The bassist's weary countenance is hard-earned. As a former member of Guided by Voices, the Dayton indie-pop cult favorite, Tobias toured six to eight months out of the year, playing marathon three-hour sets four or five nights a week. The GBV catalog is among the most extensive in music, and Tobias was responsible for knowing hundreds of songs, all of them written by enigmatic frontman Robert Pollard.
"That got brutal after a while," Tobias says between swigs. "Performing someone else's songs, no matter how good they are -- and they are very, very good. But my mindset isn't to serve someone else's songs all the time. I like being in more of a collaborative situation, as opposed to being someone's backup. Music became a job, and I never envisioned it ever being that way. I really enjoyed my time in Guided by Voices, but towards the end, I didn't care for it too much. I just got tired."
So last September, after four years of active duty, Tobias walked away from Pollard's band. He planned to take an extended hiatus from music, after watching life on the road lead to the crumbling of his marriage. It was time to get things back in order.
That didn't last long. In between tours with Guided by Voices, Tobias had recorded a wealth of his own songs, mostly sparse, acoustic-oriented numbers about longing. He gave them to his younger brother, Todd, who added ambiance in the form of swirls of effects. Though the material was never intended for release, the CD-Rs shared with friends led to an offer to put out an album on Viva, the label of Cleveland's superb indie rockers Viva Caramel. Almost as quickly as he had sworn off music, he was back with a new project, Bloom.

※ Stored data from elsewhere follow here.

(* Let $M$ be a maximal set of colored hypergraphs that are degree-irreducible and degree-reducibly independent. Then $M$ is also a maximal set of hypergraphs that are irreducible and reducibly independent.
   Context: Fix $n\ge2$, $V=\mathbb{C}^n$ with standard basis $e_1,\dots,e_n$ and ${\rm SL}_n$ acting by left multiplication, integers $n_1,\dots,n_{n-1}\ge0$, and $W=\bigoplus_{i=1}^{n-1}(\bigwedge^iV)^{n_i}$; write the component of $t\in W$ in the $j$-th copy of $\bigwedge^iV$ as $t_{i,j}=\sum_{a_1<\dots<a_i}t_{i,j}^{a_1\cdots a_i}e_{a_1}\wedge\dots\wedge e_{a_i}$, extended to all index tuples by total antisymmetry. A colored hypergraph $\Gamma$ consists of an ordered finite vertex set and a finite family of hyperedges; each hyperedge has a size $i\in\{1,\dots,n-1\}$, a color $j\in\{1,\dots,n_i\}$ and is a multiset of $i$ vertices (its connections; it is looping if all connections are at one vertex); every vertex has exactly $n$ connections in total. The invariant $f_\Gamma\in\mathbb{C}[W]^{{\rm SL}_n}$ is the complete contraction obtained by taking one Levi-Civita symbol $\varepsilon_{a_1\cdots a_n}$ per vertex and one copy of the components of $t_{i,j}$ per hyperedge of size $i$ and color $j$, and contracting each of the $i$ indices of a hyperedge with an index slot of the vertex at which the corresponding connection sits (each slot used once); $f_\Gamma$ is determined by $\Gamma$ up to sign (a fixed sign convention is chosen), and $f$ is extended linearly to linear combinations of hypergraphs (graphsums). $\Gamma$ is disconnected if its vertices split into two nonempty classes with no hyperedge connecting both. A graphsum $\Upsilon$ is reducible if $f_\Upsilon=0$ or $f_\Upsilon=\sum_i a_if_{\Gamma_i}$ with all $\Gamma_i$ disconnected, and irreducible otherwise; graphsums are reducibly independent if only the trivial linear combination of them is reducible, and $\Upsilon_1\simeq_r\Upsilon_2$ means $\Upsilon_1-\Upsilon_2$ is reducible. The virtual degree of a vertex $v$ is $n$ minus the total number of connections at $v$ of looping hyperedges at $v$. The virtual degree type $d(\Gamma)$ of a hypergraph with $k$ vertices is the non-increasing sequence $(d_1,\dots,d_k)$ of virtual degrees of its vertices; for hypergraphs with the same number $k$ of vertices set $\Gamma<\Gamma'$ iff $d_1\le d_1',\dots,d_{k-1}\le d'_{k-1}$ and $d_k<d'_k$. A graphsum $\sum\Gamma_i$ is degree-reducible if it is $\simeq_r$ to $0$ or to a graphsum $\sum\Gamma'_j$ with $d(\Gamma'_j)<d(\Gamma_i)$ for all $i,j$; degree-irreducible otherwise. Graphsums $\Upsilon_1,\dots,\Upsilon_N$ are degree-reducibly independent if $\sum a_i\Upsilon_i$ is degree-reducible only when all $a_i=0$. *)

(* C is modelled by algC (algebraic complex numbers, an
   algebraically closed field of characteristic 0); polynomial invariants
   are represented as the functions W -> algC they define. *)
From HB Require Import structures.
From mathcomp Require Import all_boot all_order all_algebra all_field.
Set Implicit Arguments. Unset Strict Implicit. Unset Printing Implicit Defensive.
Import Order.TTheory GRing.Theory Num.Theory.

"I didn't plan on playing this soon," says Tobias, also a veteran of a number of seminal Cleveland bands, including Cobra Verde, Gem, and Prisonshake. "I really wanted to take a lot of time off. But I was approached to release the record, so I was like, 'Well, a certain amount of business does have to get done.' I found that I've rediscovered my enjoyment in playing, because I had lost that."
Tobias's newfound happiness isn't all that palpable on Clouds Forming Crowns, Bloom's mercurial debut, which is due out next Tuesday.
"It's a very sad record," he says. "I don't want to sound pretentious, but it's a document of what was going on at the time, just being away from home for so long, in a failed marriage, and trying to live a normal life in the midst of this very abnormal life I was living. I just hope it's not self-pitying."
Far from it, the disc is a biting affair that's sure to rank among the best releases from these parts in 2004. Tobias's voice is equal parts nicotine and heartache; he sings plaintively, over restless guitars and shape-shifting rhythms. The songs span from rangy rockers ("Cruel Is the Time") to ghostly ballads ("Sick & Free"), on which Tobias's voice is enveloped in his brother's spectral electronics.
Last month, Tobias assembled a live band consisting of Scott Pickering -- who's played drums in every band Tobias has been in, except Guided by Voices -- and Viva Caramel members Brian Strazek on guitar, Brian Noga on bass, and Matt Charboneau on keys. Bloom's debut Saturday at the Grog Shop will include a handful of new songs, as well as more muscular versions of the sometimes spartan tunes on Clouds.
"Live, it's going to be very loud and just all-out," Tobias says. "I've been very surprised and very excited about how the songs have taken life in a live setting, as opposed to on record. It's a bunch of people that I feel very, very comfortable with, and they're very good musicians. I feel lucky. And it's fun," he grins. "It's fun again."